(* Assume every $(\sigma,\delta)$-conjugacy class of $K$ is $(\sigma,\delta)$-algebraic. Then for every irreducible $P(T)\in K[T;\sigma,\delta]$ of degree $>1$, the skew rational function $P(T)^{-1}$ is defined at every $a\in K$.
   Context: Let $K$ be a skew field, $K^*=K\setminus\{0\}$, $\sigma\colon K\to K$ a ring endomorphism and $\delta\colon K\to K$ a $\sigma$-derivation. $K[T;\sigma,\delta]$ is the skew polynomial ring with $Ta=\sigma(a)T+\delta(a)$. The $(\sigma,\delta)$-action of $K^*$ on $K$ is ${}^{b}a=\sigma(b)ab^{-1}+\delta(b)b^{-1}$; $\Delta(a)=\{{}^{b}a:b\in K^*\}$ is the $(\sigma,\delta)$-conjugacy class of $a$. For $P\in K[T;\sigma,\delta]$ and $a\in K$, $P(a)$ is the unique element of $K$ with $P(T)-P(a)\in K[T;\sigma,\delta](T-a)$. A conjugacy class $\Delta(a)$ is $(\sigma,\delta)$-algebraic if there is a nonzero $P\in K[T;\sigma,\delta]$ with $P(c)=0$ for all $c\in\Delta(a)$. For a set $Z$ with a $K^*$-action, the skew product of functions $Z\to K$ is $(f\diamond g)(z)=f({}^{g(z)}z)g(z)$ if $g(z)\neq0$, $0$ otherwise; $f$ is skew invertible if some $g$ satisfies $f\diamond g=g\diamond f=1$. $K(T;\sigma,\delta)$ is the division ring of left fractions of $K[T;\sigma,\delta]$; each $f$ has a unique minimal representation $P(T)^{-1}Q(T)$ with $P$ monic of least degree; $f$ is defined at $a$ if the function $\Delta(a)\to K$, $c\mapsto P(c)$, is skew invertible. *)

(* Skew polynomial ring K[T;sigma,delta] over a skew field K,
   built on the additive structure of {poly K} (coefficient lists) with an
   explicitly defined skew multiplication.  NEVER use the ordinary product of
   {poly K} for skew polynomials: use [skew_mul]. *)
From HB Require Import structures.
From mathcomp Require Import all_boot all_order all_algebra.
From Stdlib Require Import ClassicalEpsilon.
Set Implicit Arguments. Unset Strict Implicit. Unset Printing Implicit Defensive.
Import Order.TTheory GRing.Theory.
Local Open Scope ring_scope.

Definition skew_field (K : unitRingType) : Prop :=
  forall x : K, x != 0 -> x \is a GRing.unit.

(* delta is a sigma-derivation: additive, delta(ab) = sigma(a) delta(b) + delta(a) b,
   matching T a = sigma(a) T + delta(a). *)
Definition sigma_derivation (K : unitRingType) (sigma delta : K -> K) : Prop :=
  (forall x y, delta (x + y) = delta x + delta y) /\
  (forall x y, delta (x * y) = sigma x * delta y + delta x * y).

Section Skew.
Variables (K : unitRingType) (sigma delta : K -> K).

(* left multiplication by T:  T * (sum a_i T^i) = sum (sigma(a_i) T^(i+1) + delta(a_i) T^i) *)
Definition mulT (q : {poly K}) : {poly K} :=
  map_poly sigma q * 'X + map_poly delta q.

Definition skew_mul (p q : {poly K}) : {poly K} :=
  \sum_(i < size p) p`_i *: iter i mulT q.

Definition skew_unit (p : {poly K}) : Prop :=
  exists v, skew_mul p v = 1 /\ skew_mul v p = 1.

Definition skew_irreducible (p : {poly K}) : Prop :=
  p != 0 /\ ~ skew_unit p /\
  forall a b, p = skew_mul a b -> skew_unit a \/ skew_unit b.

Definition skew_eval (p : {poly K}) (a : K) : K :=
  epsilon (inhabits 0)
    (fun c => exists q, p = skew_mul q ('X - a%:P) + c%:P).

Definition sd_conj (b a : K) : K := sigma b * a * b^-1 + delta b * b^-1.

Definition conj_class (a c : K) : Prop := exists2 b : K, b != 0 & c = sd_conj b a.

Definition sd_algebraic (a : K) : Prop :=
  exists p : {poly K}, p != 0 /\ forall c, conj_class a c -> skew_eval p c = 0.

(* skew product of functions Z = Delta(a) -> K (represented by functions K -> K,
   only their values on Delta(a) matter) *)
Definition skew_prod (f g : K -> K) (z : K) : K :=
  if g z == 0 then 0 else f (sd_conj (g z) z) * g z.

Definition skew_invertible (a : K) (f : K -> K) : Prop :=
  exists g : K -> K, forall z, conj_class a z ->
    skew_prod f g z = 1 /\ skew_prod g f z = 1.

(* equality of left fractions A^-1 B = C^-1 D in K(T;sigma,delta)
   (A, C nonzero): U A = V C <> 0 and U B = V D for some U, V *)
Definition lfrac_eq (A B C D : {poly K}) : Prop :=
  exists U V, skew_mul U A = skew_mul V C /\ skew_mul U A != 0 /\
              skew_mul U B = skew_mul V D.

Definition minimal_rep (A B P Q : {poly K}) : Prop :=
  P \is monic /\ lfrac_eq A B P Q /\
  forall P' Q', P' != 0 -> lfrac_eq A B P' Q' -> (size P <= size P')%N.

Definition defined_at (A B : {poly K}) (a : K) : Prop :=
  exists P Q, minimal_rep A B P Q /\ skew_invertible a (fun c => skew_eval P c).

End Skew.

(* Write T_a x = sigma x * a + delta x.  For b <> 0 one has P(^b a) b = P(T_a)(b), and P(T_a)
   is right linear over the (sigma,delta)-centralizer C(a) of a.  An irreducible P of degree > 1
   has no right factor T - c, so P(T_a) is injective.  Algebraicity of Delta(a) gives a nonzero G
   with G(T_a) = 0 on all of K; since the kernel of G(T_a) has right C(a)-dimension at most deg G,
   K is finite dimensional over C(a) and P(T_a) is onto as well.  Hence z |-> ^(P(z)) z, which
   maps ^b a to ^(P(T_a) b) a, is a bijection of Delta(a) on which P does not vanish, and that is
   exactly what makes c |-> P(c) skew invertible.  The monic associate of P is the minimal
   representation of P^-1 by a degree count. *)
From Pilot Require Import Defs.
From HB Require Import structures.
From mathcomp Require Import all_boot all_order all_algebra.
From Stdlib Require Import ClassicalEpsilon Classical Lia.
From mathcomp Require Import zify.
Import GRing.Theory.
Local Open Scope ring_scope.
Set Implicit Arguments. Unset Strict Implicit. Unset Printing Implicit Defensive.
☆ ☆ ☆ ☆ ☆
Please reproduce the lines from the line with "Import Order.TTheory GRing.Theory." to the line with "exists g : K", both ends included, exactly as they appear above.

● **Task response**:
Import Order.TTheory GRing.Theory.
Local Open Scope ring_scope.

Definition skew_field (K : unitRingType) : Prop :=
  forall x : K, x != 0 -> x \is a GRing.unit.

(* delta is a sigma-derivation: additive, delta(ab) = sigma(a) delta(b) + delta(a) b,
   matching T a = sigma(a) T + delta(a). *)
Definition sigma_derivation (K : unitRingType) (sigma delta : K -> K) : Prop :=
  (forall x y, delta (x + y) = delta x + delta y) /\
  (forall x y, delta (x * y) = sigma x * delta y + delta x * y).

Section Skew.
Variables (K : unitRingType) (sigma delta : K -> K).

(* left multiplication by T:  T * (sum a_i T^i) = sum (sigma(a_i) T^(i+1) + delta(a_i) T^i) *)
Definition mulT (q : {poly K}) : {poly K} :=
  map_poly sigma q * 'X + map_poly delta q.

Definition skew_mul (p q : {poly K}) : {poly K} :=
  \sum_(i < size p) p`_i *: iter i mulT q.

Definition skew_unit (p : {poly K}) : Prop :=
  exists v, skew_mul p v = 1 /\ skew_mul v p = 1.

Definition skew_irreducible (p : {poly K}) : Prop :=
  p != 0 /\ ~ skew_unit p /\
  forall a b, p = skew_mul a b -> skew_unit a \/ skew_unit b.

Definition skew_eval (p : {poly K}) (a : K) : K :=
  epsilon (inhabits 0)
    (fun c => exists q, p = skew_mul q ('X - a%:P) + c%:P).

Definition sd_conj (b a : K) : K := sigma b * a * b^-1 + delta b * b^-1.

Definition conj_class (a c : K) : Prop := exists2 b : K, b != 0 & c = sd_conj b a.

Definition sd_algebraic (a : K) : Prop :=
  exists p : {poly K}, p != 0 /\ forall c, conj_class a c -> skew_eval p c = 0.

(* skew product of functions Z = Delta(a) -> K (represented by functions K -> K,
   only their values on Delta(a) matter) *)
Definition skew_prod (f g : K -> K) (z : K) : K :=
  if g z == 0 then 0 else f (sd_conj (g z) z) * g z.

Definition skew_invertible (a : K) (f : K -> K) : Prop :=
  exists g : K -> K, forall z, conj_class a z ->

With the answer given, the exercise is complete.